At this point the boy was admitting that the man was not his, because he did not want to get his mother in trouble. He admitted that he had found the man wandering in the bramble.
But the mayor’s wife was demanding justice. There was talk of arrest and punishments severe.
The boy’s mother became distraught. The mayor, again trying to resolve things in a civil fashion, sent for the boy’s father.
The father appeared wearing the uniform of his labor with his head hung low. The father wore the uniform of a loader.
The mayor’s wife was issuing threats in a voice that had become hoarse from shouting, the mother was weeping softly with her hand on the boy’s head, and the boy was holding the man’s hand, or rather the man was clutching the boy’s hand and repeating, “I like the boy. I want to stay with the boy forever and ever. I like the boy. I like his mother too.”
The mayor pulled the father away from the throng and addressed him: “Do you understand what is going on here?”
The father answered sadly, “Yes, I do, sir.”
“My wife has every right, you know?”
The father sighed, “Yes, I know she does.”

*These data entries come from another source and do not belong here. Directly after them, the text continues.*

(* Let $\Delta$ be a smooth convex polygon with more than four edges. (i) If $e$ and $e'$ are parallel edges, then there is an edge, different from $e$ and $e'$ and not adjacent to $e$, which can be blown down. (ii) If $e,e',e''$ are consecutive adjacent edges with outward conormals $\alpha,\alpha',\alpha''$, and $\alpha'$ is not a positive linear combination of $\alpha$ and $\alpha''$, then there is an edge different from $e,e',e''$ which can be blown down.
   Context: A smooth polygon is a convex polygon $\bigcap_i\{x\in(\mathbb R^2)^*\mid\langle\eta_i,x\rangle\le\kappa_i\}$ whose primitive outward conormals at each vertex form a basis of $\mathbb Z^2$. An edge can be blown down if the polygon is the blowup of a smooth polygon at a vertex with that edge as exceptional divisor; for smooth polygons this holds exactly when the outward conormal of the edge equals the sum of the outward conormals of the two adjacent edges. (Blowup at a vertex $F_1\cap F_2$: intersect with $\{\langle\eta_1+\eta_2,x\rangle\le\kappa_1+\kappa_2-\epsilon\}$, $\epsilon>0$ small.) *)

(* polygons live in (R^2)^* = R * R for R : realType. *)
From HB Require Import structures.
From mathcomp Require Import all_boot all_order all_algebra.
From mathcomp Require Import reals.
Set Implicit Arguments. Unset Strict Implicit. Unset Printing Implicit Defensive.
Import Order.TTheory GRing.Theory Num.Theory.
Local Open Scope ring_scope.

Definition zvadd (u v : int * int) : int * int := (u.1 + v.1, u.2 + v.2).

Definition primitive (v : int * int) : Prop :=
  forall (k : int) (w : int * int), v = (k * w.1, k * w.2) -> k = 1 \/ k = -1.

Definition Zbasis (u v : int * int) : Prop :=
  forall z : int * int, exists! c : int * int,
    z = (c.1 * u.1 + c.2 * v.1, c.1 * u.2 + c.2 * v.2).

Section Polygons.
Variable R : realType.

Definition pairing (eta : int * int) (x : R * R) : R :=
  eta.1%:~R * x.1 + eta.2%:~R * x.2.
Lemma error_cvg0 (al be ga tau : R) (e f : nat -> R) :
  0 <= al -> 0 <= al * be -> 0 <= ga -> 0 < tau ->
  al * (be + ga) < 1 -> tau < 2 / (al * (be + ga) + 1) ->
  (forall k, 0 <= e k) -> (forall k, 0 <= f k) ->
  (forall k, e k.+1 <= al * (be * e k + f k)) ->
  (forall k, f k.+1 <= `|1 - tau| * f k + tau * (ga * e k.+1)) ->
  e @ \oo --> 0.
Proof.
move=> al_ge0 ab_ge0 ga_ge0 tau_gt0 s_lt1 tau_lt e_ge0 f_ge0 e_le f_le.
set s := al * (be + ga) in s_lt1 tau_lt.
have s_ge0 : 0 <= s by rewrite /s mulrDr addr_ge0 // mulr_ge0.
have al1_gt0 : 0 < al + 1 by rewrite ltr_wpDl.
pose de := ga + (1 - s) / (al + 1).
have c_gt0 : 0 < (1 - s) / (al + 1) by rewrite divr_gt0 ?subr_gt0.
have de_gt0 : 0 < de by rewrite ltr_wpDl.
have ga_le_de : 0 <= ga <= de by rewrite ga_ge0 lerDl ltW.
have ad_lt1 : al * (be + de) < 1.
  have : al * ((1 - s) / (al + 1)) < 1 - s.
    by rewrite mulrA ltr_pdivrMr //; lra.
  by rewrite /de addrA mulrDr -/s => ?; lra.
pose q := Num.max (al * (be + de)) (tau * s + `|1 - tau|).
have q_ge0 : 0 <= q by rewrite le_max addr_ge0 ?orbT // mulr_ge0 // ltW.
have q_lt1 : q < 1.
  have := (max_contraction_lt1 s_ge0 tau_gt0).2 (conj s_lt1 (conj tau_gt0 tau_lt)).
  by rewrite /q !gt_max ad_lt1 => /andP[].
pose W k := Num.max (de * e k) (f k).
have W_le k : W k.+1 <= q * W k.
  exact: max_weighted_contraction (ltW tau_gt0) (e_ge0 k) (f_ge0 k) (e_le k) (f_le k).
apply: (@cvg0_le_geometric _ (W 0%N / de) q) => [|k]; first by rewrite ger0_norm.
rewrite e_ge0 mulrAC ler_pdivlMr //= mulrC.
by rewrite (le_trans _ (le_geometric q_ge0 W_le k)) // le_max lexx.
Qed.
Lemma in_family2 K a b : a != b -> in_family K [set a; b] = adj K a b.
Proof.
move=> ab; apply/in_familyP/idP => [[k] | /orP[] e].
- rewrite !inE /adj => /orP[]/eqP-> H.
    have [/eqP | ->] := H b (set22 a b); last by rewrite orbT.
    by rewrite eq_sym (negbTE ab).
  by have [/eqP | ->] := H a (set21 a b); first by rewrite (negbTE ab).
- by exists b; rewrite ?inE ?eqxx ?orbT // => y; rewrite !inE => /orP[]/eqP->; auto.
- by exists a; rewrite ?inE ?eqxx // => y; rewrite !inE => /orP[]/eqP->; auto.
Qed.

Lemma card_pair_gt1 a b : a != b -> (1 < #|[set a; b]|)%N.
Proof. by rewrite cards2 => ->. Qed.

Definition pair_coord a b (ab : a != b) : Defs.coord n := exist _ [set a; b] (card_pair_gt1 ab).

Lemma dag_arc_not_connect K a b : is_dag K -> (a, b) \in K -> ~~ connect (arc_rel K) b a.
Proof. by move=> /forallP/(_ a)/forallP/(_ b)/implyP. Qed.

Lemma dag_no_loop K a : is_dag K -> (a, a) \notin K.
Proof. by move=> dK; apply/negP => /(dag_arc_not_connect dK); rewrite connect0. Qed.

Lemma dag_no_2cycle K a b : is_dag K -> (a, b) \in K -> (b, a) \notin K.
Proof. by move=> dK ab; apply/negP => ba; move: (dag_arc_not_connect dK ab); rewrite connect1. Qed.

Lemma dag_no_3cycle K a b c : is_dag K -> (a, b) \in K -> (b, c) \in K -> (c, a) \notin K.
Proof.
move=> dK ab bc; apply/negP => /(dag_arc_not_connect dK).
by rewrite (connect_trans (connect1 (ab : arc_rel K a b)) (connect1 (bc : arc_rel K b c))).
Qed.

Lemma dag_adj_neq K a b : is_dag K -> adj K a b -> a != b.
Proof. by move=> dK; apply: contraTneq => ->; rewrite /adj orbb dag_no_loop. Qed.

End Families.

Section AddParents.
Variables (n : nat) (i : 'I_n) (Sst : {set 'I_n}) (G : digraph n).
Hypothesis i_notin_Sst : i \notin Sst.
Hypothesis Sst_independent : forall j k, j \in Sst -> k \in Sst -> (j, k) \notin G.
Hypothesis dag_H : is_dag (add_parents G i Sst).

Implicit Types (K : digraph n) (S T : {set 'I_n}) (a b x y : 'I_n).

Local Notation H := (add_parents G i Sst).
Local Notation Z := (i |: (pa G i :|: Sst)).

Definition diffset S : bool :=
  [&& i \in S, S \subset Z & [exists j in S, j \in Sst :\: pa G i]].

Lemma arc_add_parents a b : ((a, b) \in H) = ((a, b) \in G) || ((b == i) && (a \in Sst)).
Proof.
rewrite inE; congr (_ || _).
apply/imsetP/andP => [[j jS [-> ->]] | [/eqP-> aS]]; first by rewrite eqxx.
by exists a.
Qed.

Lemma subgraph_add_parents : G \subset H.
Proof. exact: subsetUl. Qed.

Lemma neq_of_Sst j : j \in Sst -> j != i.
Proof. by apply: contraTneq => ->. Qed.

Lemma adj_add_parents a b : a != i -> b != i -> adj H a b = adj G a b.
Proof. by move=> ai bi; rewrite /adj !arc_add_parents (negbTE ai) (negbTE bi) !orbF. Qed.

Lemma diffset_in_family_H S : diffset S -> in_family H S.
Proof.
case/and3P=> iS /subsetP SZ _; apply/in_familyP; exists i => // y /SZ.
rewrite !in_setU1 in_setU in_pa => /or3P[/eqP-> | yP | yS]; first by left.
  by right; rewrite arc_add_parents yP.
by right; rewrite arc_add_parents eqxx yS orbT.
Qed.
(* Let $\mathbf{X}$ be a Banach space, $\mathcal{S}\subset\mathbf{X}$, let $\mathbb{P}$ be a Borel probability measure on $\mathcal{S}$ that is critical for $\mathcal{S}$ with respect to $\mathbf{X}$, and set $s^\ast := s^\ast_{\mathbf{X}}(\mathcal{S})$. Then: (i) Let $s>s^\ast$ and let $c=c(s)>0$, $\varepsilon_0=\varepsilon_0(s)>0$ be constants with $\mathbb{P}(\mathcal{S}\cap\mathcal{B}(\mathbf{x},\varepsilon;\mathbf{X}))\le 2^{-c\varepsilon^{-1/s}}$ for all $\mathbf{x}\in\mathbf{X}$ and $\varepsilon\in(0,\varepsilon_0)$. Then for any $R\in\mathbb{N}$ and any encoder/decoder pair $(E_R,D_R)$ of code-length $R$, \[\mathbb{P}^\ast(\{\mathbf{x}\in\mathcal{S}:\|\mathbf{x}-D_R(E_R(\mathbf{x}))\|_{\mathbf{X}}\le\varepsilon\})\le 2^{R-c\varepsilon^{-1/s}}\qquad\forall\varepsilon\in(0,\varepsilon_0).\] (ii) For every $s>s^\ast$ and every codec $\mathcal{C}$, $\mathbb{P}^\ast(\mathcal{A}^s_{\mathcal{S},\mathbf{X}}(\mathcal{C}))=0$. (iii) For every $0\le s<s^\ast$ there is a codec $\mathcal{C}=((E_R,D_R))_{R\in\mathbb{N}}$ and a constant $C>0$ with $\delta_{\mathcal{S},\mathbf{X}}(E_R,D_R)\le C\cdot R^{-s}$ for all $R\in\mathbb{N}$; in particular $\mathcal{A}^s_{\mathcal{S},\mathbf{X}}(\mathcal{C})=\mathcal{S}$ and $\mathbb{P}(\mathcal{A}^s_{\mathcal{S},\mathbf{X}}(\mathcal{C}))=1$.
   Context: Let $(\mathbf{X},\|\cdot\|_{\mathbf{X}})$ be a real Banach space and $\mathcal{S}\subset\mathbf{X}$. An encoder/decoder pair of code-length $R\in\mathbb{N}$ is a pair $(E,D)$ with $E:\mathcal{S}\to\{0,1\}^R$, $D:\{0,1\}^R\to\mathbf{X}$; its distortion is $\delta_{\mathcal{S},\mathbf{X}}(E,D)=\sup_{\mathbf{x}\in\mathcal{S}}\|\mathbf{x}-D(E(\mathbf{x}))\|_{\mathbf{X}}$. A codec is a sequence $\mathcal{C}=((E_R,D_R))_{R\in\mathbb{N}}$ with $(E_R,D_R)$ of code-length $R$. The optimal compression rate is $s^\ast_{\mathbf{X}}(\mathcal{S})=\sup\{s\ge0:\exists\text{ codec with }\sup_R R^s\delta_{\mathcal{S},\mathbf{X}}(E_R,D_R)<\infty\}$. For $s\ge0$, $\mathcal{A}^s_{\mathcal{S},\mathbf{X}}(\mathcal{C})=\{\mathbf{x}\in\mathcal{S}:\sup_R R^s\|\mathbf{x}-D_R(E_R(\mathbf{x}))\|_{\mathbf{X}}<\infty\}$. $\mathcal{S}$ carries the trace $\sigma$-algebra $\{\mathcal{S}\cap B: B\text{ Borel in }\mathbf{X}\}$; Borel probability measures on $\mathcal{S}$ are probability measures on it, and $\mathbb{P}^\ast(M)=\inf\{\sum_n\mathbb{P}(M_n): M_n\text{ measurable}, M\subset\bigcup_nM_n\}$. $\mathcal{B}(\mathbf{x},\varepsilon;\mathbf{X})$ is the closed ball. A Borel probability measure $\mathbb{P}$ on $\mathcal{S}$ has (logarithmic) growth order $s_0\in[0,\infty)$ w.r.t. $\mathbf{X}$ if for every $s>s_0$ there exist $\varepsilon_0,c>0$ with $\mathbb{P}(\mathcal{S}\cap\mathcal{B}(\mathbf{x},\varepsilon;\mathbf{X}))\le2^{-c\varepsilon^{-1/s}}$ for all $\mathbf{x}\in\mathbf{X}$, $\varepsilon\in(0,\varepsilon_0)$. $\mathbb{P}$ is critical for $\mathcal{S}$ w.r.t. $\mathbf{X}$ if it has growth order $s^\ast_{\mathbf{X}}(\mathcal{S})$. *)

From HB Require Import structures.
From mathcomp Require Import all_boot all_order all_algebra.
From mathcomp Require Import all_classical all_reals all_analysis.
Set Implicit Arguments. Unset Strict Implicit. Unset Printing Implicit Defensive.
Import Order.TTheory GRing.Theory Num.Theory.
Import numFieldNormedType.Exports.
Local Open Scope classical_set_scope.
Local Open Scope ring_scope.

Section Defs.
Context {R : realType} {X : completeNormedModType R}.

Definition borelX : set (set X) := <<s open >>.

Definition trace_sets (S : set X) : set (set X) := [set S `&` B | B in borelX].

(** P is a (Borel) probability measure on S (with its trace sigma-algebra);
    P is only meaningful on the sets of [trace_sets S]. *)
Definition prob_on (S : set X) (P : set X -> \bar R) : Prop :=
  [/\ P S = 1%E, P set0 = 0%E,
      (forall A, trace_sets S A -> (0 <= P A)%E) &
      (forall F : nat -> set X, (forall n, trace_sets S (F n)) ->
         trivIset setT F ->
         P (\bigcup_n F n) = (\sum_(n <oo) P (F n))%E)].

Definition outer (S : set X) (P : set X -> \bar R) (M : set X) : \bar R :=
  ereal_inf [set (\sum_(n <oo) P (F n))%E | F in
     [set F : nat -> set X | (forall n, trace_sets S (F n)) /\
                             M `<=` \bigcup_n F n]].

Definition cball (x : X) (e : R) : set X := [set y | `|x - y| <= e].

Definition encdec (n : nat) : Type := ((X -> n.-tuple bool) * (n.-tuple bool -> X))%type.

(** codec: one encoder/decoder pair per code-length (index 0 unused: N = {1,2,...}) *)
Definition codec : Type := forall n : nat, encdec n.

Definition distortion (S : set X) (n : nat) (ED : encdec n) : \bar R :=
  ereal_sup [set (`|x - ED.2 (ED.1 x)|)%:E | x in S].

Definition optimal_rate (S : set X) : \bar R :=
  ereal_sup [set s%:E | s in [set s : R | 0 <= s /\
     exists C : codec,
       (ereal_sup [set ((n%:R `^ s)%:E * distortion S (C n))%E
                   | n in [set n : nat | (0 < n)%N]] < +oo)%E]].

Definition approx_class (S : set X) (s : R) (C : codec) : set X :=
  [set x | S x /\
     (ereal_sup [set ((n%:R `^ s) * `|x - (C n).2 ((C n).1 x)|)%:E
                 | n in [set n : nat | (0 < n)%N]] < +oo)%E].

Definition growth_order (S : set X) (P : set X -> \bar R) (s0 : R) : Prop :=
  0 <= s0 /\
  forall s, s0 < s -> exists eps0 c : R, 0 < eps0 /\ 0 < c /\
    forall (x : X) (eps : R), 0 < eps < eps0 ->
      (P (S `&` cball x eps) <= (2 `^ (- (c * eps `^ (- s^-1))))%:E)%E.

Definition critical (S : set X) (P : set X -> \bar R) : Prop :=
  exists s0 : R, optimal_rate S = s0%:E /\ growth_order S P s0.

End Defs.

From HB Require Import structures.
From mathcomp Require Import all_boot all_order all_algebra.
From mathcomp Require Import all_classical all_reals all_analysis.
From mathcomp Require Import lra.
Set Implicit Arguments. Unset Strict Implicit.
Import Order.TTheory GRing.Theory Num.Theory.
Import numFieldNormedType.Exports.
Local Open Scope classical_set_scope.
Local Open Scope ring_scope.

(* For (ii), fix s* < s1 < s2 < s.  A point of A^s(C) lies within n^-s2 of its
   n-th codeword for all large n, so for every n0 it is covered by the balls
   B(D_n b, n^-s2) with n >= n0 and b ranging over the 2^n codewords.  The
   growth order at s1 bounds the mass of each such ball by 4^-n, hence level n
   carries mass at most 2^-n and the whole cover at most 2^(1-n0).  Part (i) is
   the one-level version of this count, and (iii) unfolds the supremum defining
   s*: some codec has a rate above s. *)

Definition enum_tuple (n j : nat) : n.-tuple bool :=
  nth (nseq_tuple n false) (enum {: n.-tuple bool}) j.

Lemma enum_tuple_surj n (b : n.-tuple bool) :
  exists2 j, (j < 2 ^ n)%N & enum_tuple n j = b.
Proof.
exists (index b (enum {: n.-tuple bool})).
  have := card_tuple n bool; rewrite card_bool cardE => <-.
  by rewrite index_mem mem_enum.
by rewrite /enum_tuple nth_index // mem_enum.
Qed.

Section real_facts.
Variable R : realType.

Lemma near_infty_powR_gt (a K : R) : 0 < a -> \forall n \near \oo, K < n%:R `^ a.
Proof.
move=> a_gt0; set b := `|K| + 1.
have b_gt0 : 0 < b by rewrite /b ltr_pwDr.
near=> n.
have bn : b `^ a^-1 <= n%:R by near: n; exact: nbhs_infty_ger.
apply: (@lt_le_trans _ _ b); first by rewrite /b; have := ler_norm K; lra.
have := @ge0_ler_powR R a (ltW a_gt0) (b `^ a^-1) n%:R.
rewrite !nnegrE powR_ge0 ler0n => /(_ isT isT bn).
by rewrite -powRrM mulVf ?gt_eqF // powRr1 // ltW.
Unshelve. all: by end_near.
Qed.

Lemma ereal_sup_lt_pinfty_ub (A : set (\bar R)) :
  (ereal_sup A < +oo)%E -> exists M : R, forall a, A a -> (a <= M%:E)%E.
Proof.
case E: (ereal_sup A) => [M| |] // _.
  by exists M => a Aa; rewrite -E; exact: ereal_sup_ubound.
exists 0 => a Aa; have := ereal_sup_ubound Aa.
by rewrite E leeNy_eq => /eqP ->; exact: leNye.
Qed.

Lemma near_le_geometric_eq0 (x : \bar R) : (0 <= x)%E ->
  (\forall n \near \oo, x <= (2 * (2^-1) ^+ n)%:E)%E -> x = 0%E.
Proof.
have q_lt1 : `|2^-1 : R| < 1 by rewrite ger0_norm ?invr_ge0 // invf_lt1 ?ltr1n.
have cvg0 := cvg_geometric 2 q_lt1.
case: x => [r| |] x_ge0 hx //.
  apply/eqP; rewrite eqe eq_le -[0 <= r]lee_fin x_ge0 andbT.
  rewrite -(cvg_lim _ cvg0) //; apply: limr_ge; first exact: cvgP cvg0.
  by near=> n; rewrite -lee_fin; near: n.
by have [n /=] := filter_ex hx; rewrite leye_eq.
Unshelve. all: by end_near.
Qed.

“Do you have any idea the trouble you and your family are in if she pursues this? And you are completely in the wrong on this.”
The father nodded hopelessly, the worry lines on his face multiplying.
“But,” the mayor whispered, “she does tend to blow things out of proportion.”
“Does she?” asked the father.
The mayor pressed a finger to a dirt-caked button on the father’s uniform. “Now, we have an election coming up. There are big things that I would like to do. Big things for everyone. And I need votes. Everyone’s votes. Yours. Your neighbors’. Your fellow loaders’. I have big plans for everyone, but my wife — she blows everything completely out of proportion.”